Pointing HiveServer2 to MiniMRCluster for Hive Testing

拈花ヽ惹草 提交于 2020-01-15 11:26:08

问题


I've been wanting to do Hive integration testing for some of the code that I've been developing. The two major requirements of the testing framework that I need:

  1. It needs to work with a Cloudera version of Hive and Hadoop (preferably, 2.0.0-cdh4.7.0)
  2. It needs to be all local. Meaning, the Hadoop cluster and Hive server should start on the beginning of the test, run a few queries, and teardown after the test is over.

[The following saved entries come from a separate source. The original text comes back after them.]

Lemma uclosed_directed_inter K :
  (exists S, K S) -> (forall S, K S -> uclosed S /\ exists p, S p) ->
  (forall S T, K S -> K T -> exists M, K M /\ forall p, M p -> S p /\ T p) ->
  exists u, forall S, K S -> S u.
Proof.
  intros [S0 KS0] HK Hdir.
  destruct (@filter_base_ultrafilter (fun A => exists S, K S /\ forall p, S p -> p A))
    as [u [Hu HF]].
  - exists (fun _ => True), S0. split; auto. intros p Sp.
    apply uf_setT, (proj1 (HK _ KS0)), Sp.
  - intros A [S [KS HS]]. destruct (HK _ KS) as [[Suf _] [p Sp]].
    apply (uf_nonempty (Suf _ Sp) (HS _ Sp)).
  - intros A B [S [KS HS]] [T [KT HT]]. destruct (Hdir _ _ KS KT) as [M [KM HM]].
    exists (fun x => A x /\ B x). split; auto.
    exists M; split; auto. intros p Mp. destruct (HM _ Mp) as [Sp Tp].
    exact (uf_inter (proj1 (proj1 (HK _ KM)) _ Mp) (HS _ Sp) (HT _ Tp)).
  - exists u. intros S KS. destruct (HK _ KS) as [[Suf Scl] _]. apply Scl.
    split; auto. intros A HA. apply NNPP; intro N.
    apply (uf_compl_excl Hu HA), HF. exists S; split; auto.
    intros p Sp. apply (uf_compl (Suf _ Sp)). intro pA; apply N; eauto.
Qed.

Lemma ucl_mono S T p : (forall q, S q -> T q) -> ucl S p -> ucl T p.
Proof. intros H [Hp Hcl]; split; auto. intros A HA; destruct (Hcl A HA) as [q []]; eauto. Qed.

Lemma uclosed_ext S T : (forall p, S p <-> T p) -> uclosed S -> uclosed T.
Proof.
  intros E [Suf Scl]. split; [firstorder|]. intros p Hp. apply E, Scl.
  eapply ucl_mono; [|exact Hp]. firstorder.
Qed.

Lemma uclosedI S T : uclosed S -> uclosed T -> uclosed (fun p => S p /\ T p).
Proof.
  intros [Suf Scl] [Tuf Tcl]. split; [firstorder|]. intros p Hp. split.
  - apply Scl. eapply ucl_mono; [|exact Hp]. intros q [Sq _]; exact Sq.
  - apply Tcl. eapply ucl_mono; [|exact Hp]. intros q [_ Tq]; exact Tq.
Qed.

Lemma uclosed_bigI K : (exists S, K S) -> (forall S, K S -> uclosed S) ->
  uclosed (fun p => forall S, K S -> S p).
Proof.
  intros [S0 KS0] HK. split.
  - intros p Hp. apply (proj1 (HK _ KS0)), Hp, KS0.
  - intros p Hp S KS. apply (proj2 (HK _ KS)). eapply ucl_mono; [|exact Hp].
    intros q Hq. apply Hq, KS.
Qed.

Lemma nested_inter K : (exists S, K S) ->
  (forall S, K S -> uclosed S /\ exists p, S p) -> nested K ->
  uclosed (fun p => forall S, K S -> S p) /\ exists p, forall S, K S -> S p.
Proof.
  intros HK0 HK Hnest. split.
  - apply uclosed_bigI; auto. intros S KS; apply HK, KS.
  - apply uclosed_directed_inter; auto. intros S T KS KT.
    destruct (Hnest S T KS KT); [exists S|exists T]; split; auto.
Qed.

Lemma uclosed_member A : uclosed (fun p => ultrafilter p /\ p A).
Proof.
  split; [tauto|]. intros p [Hp Hcl]. split; auto.
  destruct (uf_em Hp A) as [|HN]; auto. destruct (Hcl _ HN) as [q [[Hq qA] qN]].
  destruct (uf_compl_excl Hq qA qN).
Qed.

Lemma uclosed_free : uclosed (@free G).
Proof.
  split; [exact free_uf|]. intros p [Hp Hcl]. split; auto.
  intros A HA Hfin. destruct (Hcl _ HA) as [q [[_ Hq] qA]]. exact (Hq _ qA Hfin).
Qed.

Lemma uclosed_star X : uclosed (star X).
Proof.
  apply (uclosed_ext (S := fun p => free p /\ (ultrafilter p /\ p X))).
  - intro p; unfold star. split; [tauto|]. intros [Hp pX]. split; auto. split; auto.
    apply Hp.
  - apply uclosedI; [apply uclosed_free|apply uclosed_member].
Qed.

Lemma uclosed_eq e : ultrafilter e -> uclosed (fun p => p = e).
Proof.
  intro He. split; [intros; subst; auto|]. intros p [Hp Hcl].
  symmetry. apply uf_eq_of_sub; auto. intros A HA. destruct (Hcl A HA) as [q [-> h]]; auto.
Qed.

Lemma uclosed_mulr_preimage S q : uclosed S -> ultrafilter q ->
  uclosed (fun r => ultrafilter r /\ S (uprod r q)).
Proof.
  intros [Suf Scl] Hq. split; [tauto|]. intros r [Hr Hcl]. split; auto.
  apply Scl. split; [apply uprod_uf; auto|]. intros A HA.
  rewrite uprodE in HA by assumption.
  destruct (Hcl _ HA) as [r' [[Hr' Sr'] h]]. exists (uprod r' q); split; auto.
  rewrite uprodE; auto.
Qed.

Lemma uclosed_mulr_image S q : uclosed S -> ultrafilter q ->
  uclosed (fun p => exists r, S r /\ p = uprod r q).
Proof.
  intros HS Hq. pose proof (proj1 HS) as Suf.
  split; [intros p [r [Sr ->]]; apply uprod_uf; auto|]. intros u [Hu Hcl].
  set (fiber A := fun r => S r /\ (ultrafilter r /\ (ultrafilter (uprod r q) /\ uprod r q A))).
  assert (Hfiber : forall A, uclosed (fiber A))
    by (intro A; apply uclosedI, (uclosed_mulr_preimage (uclosed_member A) Hq); auto).
  destruct (@uclosed_directed_inter (fun T => exists A, u A /\ T = fiber A)) as [r Hr].
  - exists (fiber (fun _ => True)), (fun _ => True). split; auto. apply uf_setT, Hu.
  - intros T [A [uA ->]]. split; auto.
    destruct (Hcl A uA) as [p [[r [Sr ->]] h]].
    exists r; split; [|split; [|split]]; auto. apply uprod_uf; auto.
  - intros T T' [A [uA ->]] [B [uB ->]].
    exists (fiber (fun x => A x /\ B x)). split; [exists (fun x => A x /\ B x); split|].
    + apply uf_inter; auto.
    + reflexivity.
    + intros p [Sp [Hp [Hpq H]]].
      split; (split; [|split; [|split]]); auto; apply (uf_superset Hpq H); tauto.
  - assert (Hr0 : fiber (fun _ => True) r) by (apply Hr; exists (fun _ => True); split; [apply uf_setT, Hu|reflexivity]).
    destruct Hr0 as [Sr [Hruf [Hrq _]]].
    exists r. split; auto. symmetry. apply uf_eq_of_sub; auto.
    intros A HA. apply (Hr (fiber A)). exists A; split; auto.
Qed.

Definition subsemigroup S : Prop := forall p q, S p -> S q -> S (uprod p q).

Lemma ellis_numakura S : (exists p, S p) -> uclosed S -> subsemigroup S ->
  exists e, S e /\ uprod e e = e.
Proof.
  intros HS0 HS Hsemi.
  destruct (@zorn_minimal_set _
      (fun T => (exists p, T p) /\ uclosed T /\ subsemigroup T) S)
    as [M [[[e Me] [HM Msemi]] [MS Mmin]]]; [split; auto|..].
  - intros K HK0 HK Hnest.
    destruct (@nested_inter K HK0) as [Hcl Hne].
    + intros T KT. destruct (HK T KT) as (? & ? & ?); auto.
    + exact Hnest.
    + split; [exact Hne|split; [exact Hcl|]].
      intros p q Hp Hq T KT. apply (HK T KT); [apply Hp|apply Hq]; exact KT.
  - pose proof (proj1 HM) as Muf.
    exists e. split; auto.
    assert (Mmul_e : forall p, M p -> exists r, M r /\ p = uprod r e).
    { apply Mmin.
      - split; [exists (uprod e e), e; auto|split].
        + exact (uclosed_mulr_image HM (Muf _ Me)).
        + intros p q [r [Mr ->]] [r' [Mr' ->]]. exists (uprod (uprod r e) r'). split.
          * apply Msemi; auto.
          * symmetry; apply uprodA; [apply uprod_uf| |]; apply Muf; auto.
      - intros p [r [Mr ->]]. apply Msemi; auto. }
    destruct (Mmul_e e Me) as [r0 [Mr0 Er0]].
    assert (Mfix : forall p, M p -> M p /\ uprod p e = e).
    { apply Mmin; [|tauto]. split; [exists r0; auto|split].
      + apply (uclosed_ext (S := fun p => M p /\ (ultrafilter p /\ uprod p e = e))).
        * intro p. split; [intros [h1 [_ h2]]|intros [h1 h2]]; auto.
        * apply uclosedI; auto.
          apply (uclosed_mulr_preimage (uclosed_eq (Muf _ Me)) (Muf _ Me)).
      + intros p q [Mp Ep] [Mq Eq]. split; [apply Msemi; auto|].
        rewrite uprodA, Eq, Ep; auto. }
    apply (Mfix e Me).
Qed.

Lemma free_return_of_Delta_infinite X q : star X q -> ~ Delta_finite q X ->
  exists r, free r /\ uprod r q X.
Proof.
  intros [Hq qX] ND. pose proof (free_uf Hq) as Hquf.
  destruct (@free_ultrafilter_exists (fun g => utrans g q X)) as [r [Hr rX]].
  - intros [L HL]. apply ND. exists L. intros g Hg. exists g; split; auto.
    intro; tauto.
  - exists r; split; auto. rewrite uprodE by (auto; apply free_uf, Hr).
    apply (uf_superset (free_uf Hr) rX). intros g Hg. rewrite utransE in Hg; auto.
Qed.

Definition free_returning X T : Prop :=
  (exists p, T p) /\ uclosed T /\ (forall p, T p -> star X p) /\
  (forall y, T y -> exists r, free r /\ T (uprod r y)).

Lemma free_returning_inter X K : (exists T, K T) -> (forall T, K T -> free_returning X T) ->
  nested K -> free_returning X (fun p => forall T, K T -> T p).
Proof.
  intros [T0 KT0] HK Hnest.
  destruct (@nested_inter K) as [Hcl Hne]; eauto.
  { intros T KT. destruct (HK T KT) as (? & ? & _); auto. }
  split; [exact Hne|split; [exact Hcl|split]].
  - intros p Hp. apply (HK T0 KT0), Hp, KT0.
  - intros y Hy. assert (Hyuf : ultrafilter y) by apply (HK T0 KT0), Hy, KT0.
    set (returners T := fun r => free r /\ T (uprod r y)).
    destruct (@uclosed_directed_inter (fun R => exists T, K T /\ R = returners T))
      as [r Hr].
    + exists (returners T0), T0; auto.
    + intros R [T [KT ->]]. destruct (HK T KT) as [_ [HcT [_ Tret]]]. split.
      * apply (uclosed_ext (S := fun r => free r /\ (ultrafilter r /\ T (uprod r y)))).
        -- intro r; unfold returners. split; [tauto|]. intros [Hr Tr].
           split; auto. split; auto. apply Hr.
        -- apply uclosedI; [apply uclosed_free|apply uclosed_mulr_preimage; auto].
      * apply Tret, Hy, KT.
    + intros R R' [T [KT ->]] [T' [KT' ->]].
      destruct (Hnest T T' KT KT') as [h|h].
      * exists (returners T). split; [exists T; auto|].
        intros p [Hp Tp]; split; split; auto.
      * exists (returners T'). split; [exists T'; auto|].
        intros p [Hp Tp]; split; split; auto.
    + exists r. destruct (Hr (returners T0)) as [Hfr _]; eauto.
      split; auto. intros T KT. destruct (Hr (returners T)); eauto.
Qed.

Lemma minimal_free_returning_fixed X M y :
  free_returning X M ->
  (forall D, free_returning X D -> (forall p, D p -> M p) -> forall p, M p -> D p) ->
  M y -> exists r, free r /\ uprod r y = y.
Proof.
  intros [_ [HcM [MX Mret]]] Mmin My.
  assert (Hyuf : ultrafilter y) by apply MX, My.
  assert (Morbit : forall p, M p -> M p /\ exists r, free r /\ p = uprod r y).
  { apply Mmin; [|tauto]. split; [|split; [|split]].
    - destruct (Mret y My) as [r [Hr Mr]]. exists (uprod r y); eauto.
    - apply uclosedI; auto. apply uclosed_mulr_image; auto. apply uclosed_free.
    - intros p [Mp _]; auto.
    - intros p [Mp [r [Hr ->]]]. destruct (Mret _ Mp) as [s [Hs Ms]].
      exists s; split; auto. split; auto. exists (uprod s r). split.
      + apply uprod_free; auto. apply Hs.
      + symmetry; apply uprodA; auto; [apply Hs|apply Hr]. }
  destruct (Morbit y My) as [_ [r [Hr Ey]]]. eauto.
Qed.

Lemma idempotent_fixing y r : ultrafilter y -> free r -> uprod r y = y ->
  exists e, free e /\ uprod e e = e /\ uprod e y = y.
Proof.
  intros Hy Hr Ery.
  destruct (@ellis_numakura (fun e => free e /\ uprod e y = y)) as [e [[He Eey] Eee]].
  - exists r; auto.
  - apply (uclosed_ext (S := fun e => free e /\ (ultrafilter e /\ uprod e y = y))).
    + intro e. split; [tauto|]. intros [He Ee]. split; auto. split; auto. apply He.
    + apply uclosedI; [apply uclosed_free|].
      apply (uclosed_mulr_preimage (uclosed_eq Hy) Hy).
  - intros p q [Hp Ep] [Hq Eq]. split.
    + apply uprod_free; auto. apply Hp.
    + rewrite uprodA, Eq, Ep; auto; [apply Hp|apply Hq].
  - eauto.
Qed.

So I broke this problem down into three parts:

  1. Getting code for the HiveServer2 part (I decided to use a JDBC connector over a Thrift service client)
  2. Getting code for building an in-memory MapReduce cluster (I decided to use MiniMRCluster for this)
  3. Setting up both (1) and (2) above to work with each other.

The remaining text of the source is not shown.